(* Let $X$ be an ideally $\mathsf{T_{z}S}$-closed semigroup and $e\in E(X)\cap Z(X)$ an idempotent such that the semigroup $H_e\cap Z(X)$ is bounded. Then the set $\big(\sqrt[\infty]{H_e}\cap Z(X)\big)\setminus H_e$ is finite.
   Context: $\mathsf{T_{z}S}$ is the class of Hausdorff zero-dimensional topological semigroups; a semigroup is $\mathsf{T_{z}S}$-closed if for every isomorphic topological embedding of it (discrete topology) into some $Y\in\mathsf{T_{z}S}$ the image is closed in $Y$. $X$ is ideally $\mathsf{T_{z}S}$-closed if for every ideal $I\subseteq X$ (possibly empty; $IX\cup XI\subseteq I$) the Rees quotient $X/I$ (collapsing $I$ to one point, $X/\emptyset=X$) is $\mathsf{T_{z}S}$-closed. $E(X)$: idempotents; $H_e$: maximal subgroup containing $e$; $Z(X)$: center; $\sqrt[\infty]{H_e}=\{x\in X:\exists n\in\mathbb N\ (x^n\in H_e)\}$. A semigroup is bounded if there is $n\ge1$ with $x^n$ idempotent for all $x$. *)

From HB Require Import structures.
From mathcomp Require Import all_boot all_order.
From mathcomp Require Import all_classical all_reals all_analysis.
Set Implicit Arguments. Unset Strict Implicit. Unset Printing Implicit Defensive.
Local Open Scope classical_set_scope.

Definition assoc_op (S : Type) (m : S -> S -> S) : Prop :=
  forall a b c, m a (m b c) = m (m a b) c.

Definition zero_dim (Y : topologicalType) : Prop :=
  forall (U : set Y) (y : Y), open U -> U y ->
    exists V : set Y, [/\ clopen V, V y & V `<=` U].

Definition TzS (Y : topologicalType) (m : Y -> Y -> Y) : Prop :=
  [/\ assoc_op m, hausdorff_space Y, zero_dim Y &
      continuous (fun p : Y * Y => m p.1 p.2)].

(* A semigroup is given by a carrier A : set S closed under mul
   (associativity of mul on A is part of the context). *)
Definition TzS_closed (S : Type) (A : set S) (mul : S -> S -> S) : Prop :=
  forall (Y : topologicalType) (m : Y -> Y -> Y), TzS m ->
  forall h : S -> Y,
    {in A &, injective h} ->
    (forall a b, A a -> A b -> h (mul a b) = m (h a) (h b)) ->
    (* h(A) is a discrete subspace of Y, i.e. h is a topological embedding
       of the discrete space A *)
    (forall a, A a -> exists U : set Y, open U /\ U `&` (h @` A) = [set h a]) ->
    closed (h @` A).

(* Ideals (possibly empty) of the semigroup (X, mul) with carrier the whole type. *)
Definition is_ideal (X : Type) (mul : X -> X -> X) (I : set X) : Prop :=
  forall x y, I y -> I (mul x y) /\ I (mul y x).

(* Rees quotient X/I, carried by option X: Some x for x \notin I, and None
   standing for the collapsed ideal I (present only if I is nonempty).
   For I empty this is a copy of X. *)
Definition rees_carrier (X : Type) (I : set X) : set (option X) :=
  fun o => match o with Some x => ~ I x | None => I !=set0 end.

Definition rees_mul (X : Type) (mul : X -> X -> X) (I : set X)
  (o1 o2 : option X) : option X :=
  match o1, o2 with
  | Some a, Some b => if `[< I (mul a b) >] then None else Some (mul a b)
  | _, _ => None
  end.

Definition ideally_TzS_closed (X : Type) (mul : X -> X -> X) : Prop :=
  forall I : set X, is_ideal mul I -> TzS_closed (rees_carrier I) (rees_mul mul I).

Definition idempotent_el (X : Type) (mul : X -> X -> X) (x : X) : Prop :=
  mul x x = x.

Definition sg_center (X : Type) (mul : X -> X -> X) : set X :=
  [set z | forall x, mul z x = mul x z].

(* H_e: the maximal subgroup containing the idempotent e, i.e. the group of
   units of the monoid eXe. *)
Definition maxsubgroup (X : Type) (mul : X -> X -> X) (e : X) : set X :=
  [set x | mul e x = x /\ mul x e = x /\
           exists y, [/\ mul e y = y, mul y e = y, mul x y = e & mul y x = e]].

(* spow mul x n = x^(n+1) *)
Fixpoint spow (X : Type) (mul : X -> X -> X) (x : X) (n : nat) : X :=
  match n with 0 => x | n'.+1 => mul (spow mul x n') x end.

Definition inf_root (X : Type) (mul : X -> X -> X) (H : set X) : set X :=
  [set x | exists n : nat, H (spow mul x n)].

Definition bounded_on (X : Type) (mul : X -> X -> X) (A : set X) : Prop :=
  exists n : nat, forall x, A x -> idempotent_el mul (spow mul x n).

From HB Require Import structures.
From mathcomp Require Import all_boot all_order.
From mathcomp Require Import all_classical all_reals all_analysis.
From mathcomp Require Import zify.
Set Implicit Arguments. Unset Strict Implicit. Unset Printing Implicit Defensive.
Local Open Scope classical_set_scope.
Local Open Scope card_scope.

(* 1. Algebra of H_e: eX is an ideal; it misses T (a central element of eX
      with a power in H_e is in H_e), while every t ∈ T has a power in
      H_e ⊆ eX.
   2. Combinatorics: an infinite central set outside an ideal E whose elements
      have powers in E yields a "nil family" (J, N): an ideal J and an infinite
      central set N outside J with N N ⊆ J.  The proof uses free ultrafilters
      and an ultrafilter form of Ramsey's theorem to extract N.
   3. Topology: for a nil family, X/J embeds as a non-closed discrete
      subsemigroup into a Hausdorff zero-dimensional topological semigroup,
      namely a space of ultrafilters on X/J with the convolution product;
      hence X/J is not TzS-closed, contradicting the hypothesis. *)

Definition is_ultra (T : Type) (q : set (set T)) : Prop :=
  [/\ q setT, ~ q set0, (forall A B, q A -> q B -> q (A `&` B)),
      (forall A B, A `<=` B -> q A -> q B) & (forall A, q A \/ q (~` A))].

Section UltraFacts.
Variables (T : Type) (q : set (set T)).
Hypothesis uq : is_ultra q.

Lemma ultraT : q setT. Proof. by case: uq. Qed.
Lemma ultra_neq0 : ~ q set0. Proof. by case: uq. Qed.
Lemma ultraI A B : q A -> q B -> q (A `&` B).
Proof. by case: uq => _ _ + _ _; apply. Qed.
Lemma ultraS A B : A `<=` B -> q A -> q B.
Proof. by case: uq => _ _ _ + _; apply. Qed.
Lemma ultraNC A : ~ q A -> q (~` A).
Proof. by case: uq => _ _ _ _ /(_ A) []. Qed.

Lemma ultra_inhabited A : q A -> exists x, A x.
Proof.
move=> qA; apply: contrapT => nA; apply: ultra_neq0.
by apply: ultraS qA => x Ax; apply: nA; exists x.
Qed.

> _WHAT YOU WILL DO_
In the entries above, restate word for word the lines between the one holding "Local Open Scope card_scope." and the one holding "and an ultrafilter", inclusive, and nothing besides.

> _RESPONSE TO THE TASK_
Local Open Scope card_scope.

(* 1. Algebra of H_e: eX is an ideal; it misses T (a central element of eX
      with a power in H_e is in H_e), while every t ∈ T has a power in
      H_e ⊆ eX.
   2. Combinatorics: an infinite central set outside an ideal E whose elements
      have powers in E yields a "nil family" (J, N): an ideal J and an infinite
      central set N outside J with N N ⊆ J.  The proof uses free ultrafilters
      and an ultrafilter form of Ramsey's theorem to extract N.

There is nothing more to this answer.